The below two articles suggest that there may be a need for a consistent statement (the transformational 2015 FAA Reauthorization bill?) of what the United States international aviation safety policy is or what its goals should be. The current statutory and regulatory statements of the FAA’s international mission are based on a global aviation market in which America dominated in both the aircraft buyer and aircraft manufacturer segments. The Congressional expectations of how the FAA would attain its international mission have changed; it is clear by the trend of the past 10-20 years of budget bills that the FAA has to use a shrinking roster to meet increasing domestic and global regulatory responsibilities.
There was a time when the FAA had adequate resources to surveil all of its certificates. There was a time when a majority of the aviation buyers’ market (operators) and a majority of the Original Equipment Manufacturers were located in the US. Those facts provided a different platform for overseas actions.
The present domestic reality is that the FAA staffing requires innovative techniques (Safety Management Systems, Safety Assurance System and System Approach for Safety Oversight) to attain a level of coverage needed to assure safety. Risk analyses generated by these programs point FAA field personnel to points requiring attention. These innovative systems allow the FAA to do more with less. The demand for FAA services by the users has not diminished and the complexities of these regulatory tasks are ever more demanding.
For its international responsibilities, the personnel equation is similarly restricted; embassies are no longer willing to support FAA positions. At the same time, foreign requests for FAA approvals (OEMs, repair stations, manufacturing subcontracting, etc.) are growing. Consequently the FAA now must rely on delegation of authority to COMPETENT civil aviation authorities around the world.
To try to provide adequate surveillance over these oversees regulated entities, the FAA has created a network of Bilateral Airworthiness Agreements and Bilateral Aviation Safety Agreements. As the FAA develops confidence that other Civil Aviation Authorities are capable of meeting the same high technical competence as the FAA exhibits, it grants that CAA BAA or then BASA powers. In that recognition hierarchy, the FAA signifies that their foreign counterparts are able to do the same functions at the same level of technical expertise.
With those predicates, both of the below articles reflect a lack of comity between the US and foreign aviation safety agencies.
First and most significantly, the U.S. DOT Office of the Inspector General has found in a report that the inspectors of EASA and its member countries were not adequately trained to inspect the US certificated Part 145 repair facilities.

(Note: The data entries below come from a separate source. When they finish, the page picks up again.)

(* Let $P=[p_{f,k}]$, $f\in[0,F)$, $k\in[0,K)$, be a $(K,F,S)$ MRA. Consider the MADC model with $F$ batches of files $B_0,\dots,B_{F-1}$, $F$ mapper nodes indexed by $[0,F)$, and $K$ reducer nodes indexed by $[0,K)$, in which mapper node $f$ stores exactly the batch $B_f$ (so $M_f=\{B_f\}$) and reducer node $k$ is connected exactly to the mapper nodes in $\{f\in[0,F):\ p_{f,k}=*\}$. Then this model has computation load $r=1$, and the communication load $$L(1)=\frac{S}{KF}+\sum_{g=2}^{K}\frac{S_g}{KF(g-1)}$$ is achievable, where $S_g$ denotes the number of integers in $[0,S)$ that appear exactly $g$ times in $P$.
   Context: Notation: $[0,n)=\{0,1,\dots,n-1\}$, $[n]=\{1,\dots,n\}$. MADC (multi-access distributed computing) model: There are $\Lambda$ mapper nodes indexed by $[0,\Lambda)$ and $K$ reducer nodes indexed by $[0,K)$. There are $N$ input files $w_0,\dots,w_{N-1}\in\mathbb{F}_{2^d}$ and $Q$ output functions $\phi_q:\mathbb{F}_{2^d}^N\to\mathbb{F}_{2^b}$, $q\in[0,Q)$, of the form $\phi_q(w_0,\dots,w_{N-1})=h_q(v_{q,0},\dots,v_{q,N-1})$, where $v_{q,n}=g_{q,n}(w_n)\in\mathbb{F}_{2^t}$ is called an intermediate value (IV). Each reducer node $k$ is assigned a set $\mathcal W_k\subseteq[0,Q)$ of $Q/K$ output functions, these sets being pairwise disjoint. The files are partitioned into $F$ disjoint batches of $N/F$ files each. Map phase: each mapper node $\lambda$ stores a set $M_\lambda$ of batches and computes all IVs $v_{q,n}$, $q\in[0,Q)$, for all files $w_n$ in its stored batches. Each reducer node is connected to a set of mapper nodes and has access to every batch stored at any mapper node it is connected to, together with all IVs computed from those batches. Shuffle phase: each reducer node $k$ broadcasts to all other reducer nodes, error-free, a message $\mathbf X_k$ of $l_k$ bits that is a function of the IVs it has access to. Reduce phase: each reducer node $k$ must recover all IVs $v_{q,n}$ with $q\in\mathcal W_k$, $n\in[0,N)$, from the received messages and the IVs it has access to. The computation load is $r=\sum_{\lambda=0}^{\Lambda-1}|M_\lambda|/F$ and the communication load is $L=\sum_{k=0}^{K-1}l_k/(QNt)$. A communication load $L$ is achievable for a given model (given batches, mapper storage and mapper–reducer connections) if there exists a shuffle/reduce scheme satisfying all decoding requirements that attains $L$ (for a suitable choice of the number of files per batch, the number of functions per reducer, and the IV length $t$). Map-Reduce Array (MRA): For positive integers $K,F,S$, an $F\times K$ array $P=[p_{f,k}]$, $f\in[0,F)$, $k\in[0,K)$, whose entries are either the symbol $*$ or integers from $[0,S)$, with every integer of $[0,S)$ occurring in $P$, is a $(K,F,S)$ MRA if: (C1) each integer occurs more than once in $P$; (C2) whenever two distinct entries satisfy $p_{f_1,k_1}=p_{f_2,k_2}=s$ with $s$ an integer, then $f_1\neq f_2$, $k_1\neq k_2$, and $p_{f_1,k_2}=p_{f_2,k_1}=*$. *)

From HB Require Import structures.
From mathcomp Require Import all_boot all_order all_algebra.
Set Implicit Arguments. Unset Strict Implicit. Unset Printing Implicit Defensive.
Import Order.TTheory GRing.Theory Num.Theory.

(* An F x K array with entries either * (None) or an integer of [0,S) (Some s). *)

Definition occ (K F S : nat) (P : 'M[option 'I_S]_(F, K)) (s : 'I_S)
  : {set 'I_F * 'I_K} :=
  [set fk | P fk.1 fk.2 == Some s].

Definition is_MRA (K F S : nat) (P : 'M[option 'I_S]_(F, K)) : Prop :=
  [/\ 0 < K, 0 < F & 0 < S] /\
  [/\
      (forall s : 'I_S, exists f k, P f k = Some s),
      (forall s : 'I_S, 1 < #|occ P s|) &
      (forall (s : 'I_S) (f1 f2 : 'I_F) (k1 k2 : 'I_K),
          (f1, k1) <> (f2, k2) -> P f1 k1 = Some s -> P f2 k2 = Some s ->
          [/\ f1 <> f2, k1 <> k2, P f1 k2 = None & P f2 k1 = None])].

Definition S_count (K F S : nat) (P : 'M[option 'I_S]_(F, K)) (g : nat) : nat :=
  #|[set s : 'I_S | #|occ P s| == g]|.

(* Lam mapper nodes, K reducer nodes, F batches.
   M lam = set of batches stored at mapper lam,
   conn k = set of mapper nodes reducer k is connected to. *)

Definition comp_load (Lam F : nat) (M : 'I_Lam -> {set 'I_F}) : rat :=
  ((\sum_(lam < Lam) #|M lam|)%:R / F%:R)%R.

(* With eta files per batch (N = F * eta), file n lies in batch n %/ eta.
   Reducer k has access to file n (and all its IVs) iff some mapper it is
   connected to stores the batch of n. *)
Definition has_access (Lam K F eta : nat) (M : 'I_Lam -> {set 'I_F})
  (conn : 'I_K -> {set 'I_Lam}) (k : 'I_K) (n : nat) : bool :=
  [exists lam in conn k, exists b in M lam, val b == n %/ eta].

(* An assignment of all intermediate values v_{q,n} (t-bit values),
   with Q = K * qpr output functions and N = F * eta files. *)
Definition IVs (Q N t : nat) := 'I_Q -> 'I_N -> t.-tuple bool.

Does this determination reflect the long held opposition of the US unions to any and all foreign repair stations? Or do the OIG auditors disrespect the technical judgment of the FAA in granting BAAs and/or BASAs[i] to
- Czech Republic,
- the EU [on behalf of its member countries],
- and the United Kingdom.
[i] Countries with BASA status are listed in BOLD.
Each of those agreements reflect long, careful consideration of the abilities of each of these CAAs; the process of granting these recognitions involved detailed, thorough reviews of the people, policies and practices of each of these governmental bodies.
That’s a long list of CAAs found by the FAA to have the ability to adequately regulate airworthiness issues. Why does the OIG ignore the FAA’s technical expertise and substitute its finding of a need for more training? (As noted by ARSA’s MacLeod in the attached article, the OIG has previously criticized the lack of training, an issue which is frequently mentioned in the union diatribes.)
Thailand is another case of a critique by the US of a foreign authority on an issue for which the FAA might be susceptible—inadequate staffing. The irony is that the US aviation safety agency has been compelled by its legislature to meet its regulatory burden with fewer staff and now to find fault with the Thai equivalent for having an inadequate inspector roster. Might it not be more appropriate for the FAA team to educate transport minister Air Chief Marshal Prajin Juntong about the value of Safety Management Systems, Safety Assurance System and System Approach for Safety Oversight to deal with such a shortage. Such an alternative might be more ingenuous.
The world of aviation is dynamic. Asia has become a major buyers’ market; the Arab world has created major airlines and hub airports; China aspires to become a major producer of all sorts of aircraft; Brazil has already reached the #3 manufacturer status. The US no longer dominates this field and it needs to develop a global aviation policy which gives due deference to other countries.
That is not to say that the FAA needs to accept lesser aviation safety standards, but Congress, the OIG, the FAA and other major aviation safety policymakers need to accept that other countries should be recognized for their technical expertise. The Wright Brothers may have invented heavier-than-air controlled, powered flight (yes, Brazil and Alberto Santos du Mont you claim to be 1st), but the US did not retain the intellectual property rights to aviation. As sovereigns deal with other sovereigns, we need to be more magnanimous in understanding about cultural and non-substantive differences between the US and the rest of the aviation world.